TASK GOAL |
Starting at the line that contains "Lemma dualnorm_ub x", copy every line through the end of the listing below exactly, and copy nothing else.

MATERIAL TO PROCESS |
Lemma has_sup_dualnorm : has_sup [set `|f x| | x in [set x : X | `|x| <= 1]].
Proof.
have [C fC] := dual_elt_bounded.
split; first by exists 0, 0; rewrite /= ?normr0 ?dual_elt0 ?normr0.
by exists C => _ [x /= x_le1 <-]; exact: fC.
Qed.

Lemma dualnorm_ub x : `|x| <= 1 -> `|f x| <= dualnorm f.
Proof. by move=> x_le1; apply: (sup_upper_bound has_sup_dualnorm); exists x. Qed.

Lemma dualnorm_ge0 : 0 <= dualnorm f.
Proof. by apply: le_trans (normr_ge0 (f 0)) (dualnorm_ub _); rewrite normr0.
Qed.

Lemma dual_elt_le u : `|f u| <= dualnorm f * `|u|.
Proof.
have [-> | u_neq0] := eqVneq u 0; first by rewrite dual_elt0 !normr0 mulr0.
have u_gt0 : 0 < `|u| by rewrite normr_gt0.
have : `|f (`|u|^-1 *: u)| <= dualnorm f.
  by rewrite dualnorm_ub ?normfZV.
by rewrite dual_eltZ normrM normfV normr_id mulrC ler_pdivrMr.
Qed.

Lemma dual_elt_unit_ge z : (exists e : X, e != 0) -> `|z| <= 1 ->
  exists2 u, `|u| = 1 & `|f z| <= f u.
Proof.
move=> [e e_neq0] z_le1.
have [w w1 fzw] : exists2 w : X, `|w| = 1 & `|f z| <= `|f w|.
  have [-> | z_neq0] := eqVneq z 0.
    by exists (`|e|^-1 *: e); rewrite ?normfZV // dual_elt0 normr0.
  exists (`|z|^-1 *: z); rewrite ?normfZV // dual_eltZ normrM normfV normr_id.
  by rewrite ler_peMl // invf_ge1 // normr_gt0.
have [fw_ge0 | fw_lt0] := leP 0 (f w).
  by exists w; rewrite // -(ger0_norm fw_ge0).
by exists (- w); rewrite ?normrN // dual_eltN -(ltr0_norm fw_lt0).
Qed.

Lemma dualnorm_approx eps : (exists e : X, e != 0) -> 0 < eps ->
  exists2 u, `|u| = 1 & dualnorm f - eps < f u.
Proof.
move=> X_nontriv eps_gt0.
have [_ [z /= z_le1 <-] fz] := sup_adherent eps_gt0 has_sup_dualnorm.
have [u u1 fzu] := dual_elt_unit_ge X_nontriv z_le1.
by exists u => //; apply: lt_le_trans fzu.
Qed.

OUTPUT BELOW |
Lemma dualnorm_ub x : `|x| <= 1 -> `|f x| <= dualnorm f.
Proof. by move=> x_le1; apply: (sup_upper_bound has_sup_dualnorm); exists x. Qed.

Lemma dualnorm_ge0 : 0 <= dualnorm f.
Proof. by apply: le_trans (normr_ge0 (f 0)) (dualnorm_ub _); rewrite normr0.
Qed.

Lemma dual_elt_le u : `|f u| <= dualnorm f * `|u|.
Proof.
have [-> | u_neq0] := eqVneq u 0; first by rewrite dual_elt0 !normr0 mulr0.
have u_gt0 : 0 < `|u| by rewrite normr_gt0.
have : `|f (`|u|^-1 *: u)| <= dualnorm f.
  by rewrite dualnorm_ub ?normfZV.
by rewrite dual_eltZ normrM normfV normr_id mulrC ler_pdivrMr.
Qed.

Lemma dual_elt_unit_ge z : (exists e : X, e != 0) -> `|z| <= 1 ->
  exists2 u, `|u| = 1 & `|f z| <= f u.
Proof.
move=> [e e_neq0] z_le1.
have [w w1 fzw] : exists2 w : X, `|w| = 1 & `|f z| <= `|f w|.
  have [-> | z_neq0] := eqVneq z 0.
    by exists (`|e|^-1 *: e); rewrite ?normfZV // dual_elt0 normr0.
  exists (`|z|^-1 *: z); rewrite ?normfZV // dual_eltZ normrM normfV normr_id.
  by rewrite ler_peMl // invf_ge1 // normr_gt0.
have [fw_ge0 | fw_lt0] := leP 0 (f w).
  by exists w; rewrite // -(ger0_norm fw_ge0).
by exists (- w); rewrite ?normrN // dual_eltN -(ltr0_norm fw_lt0).
Qed.

Lemma dualnorm_approx eps : (exists e : X, e != 0) -> 0 < eps ->
  exists2 u, `|u| = 1 & dualnorm f - eps < f u.
Proof.
move=> X_nontriv eps_gt0.
have [_ [z /= z_le1 <-] fz] := sup_adherent eps_gt0 has_sup_dualnorm.
have [u u1 fzu] := dual_elt_unit_ge X_nontriv z_le1.
by exists u => //; apply: lt_le_trans fzu.
Qed.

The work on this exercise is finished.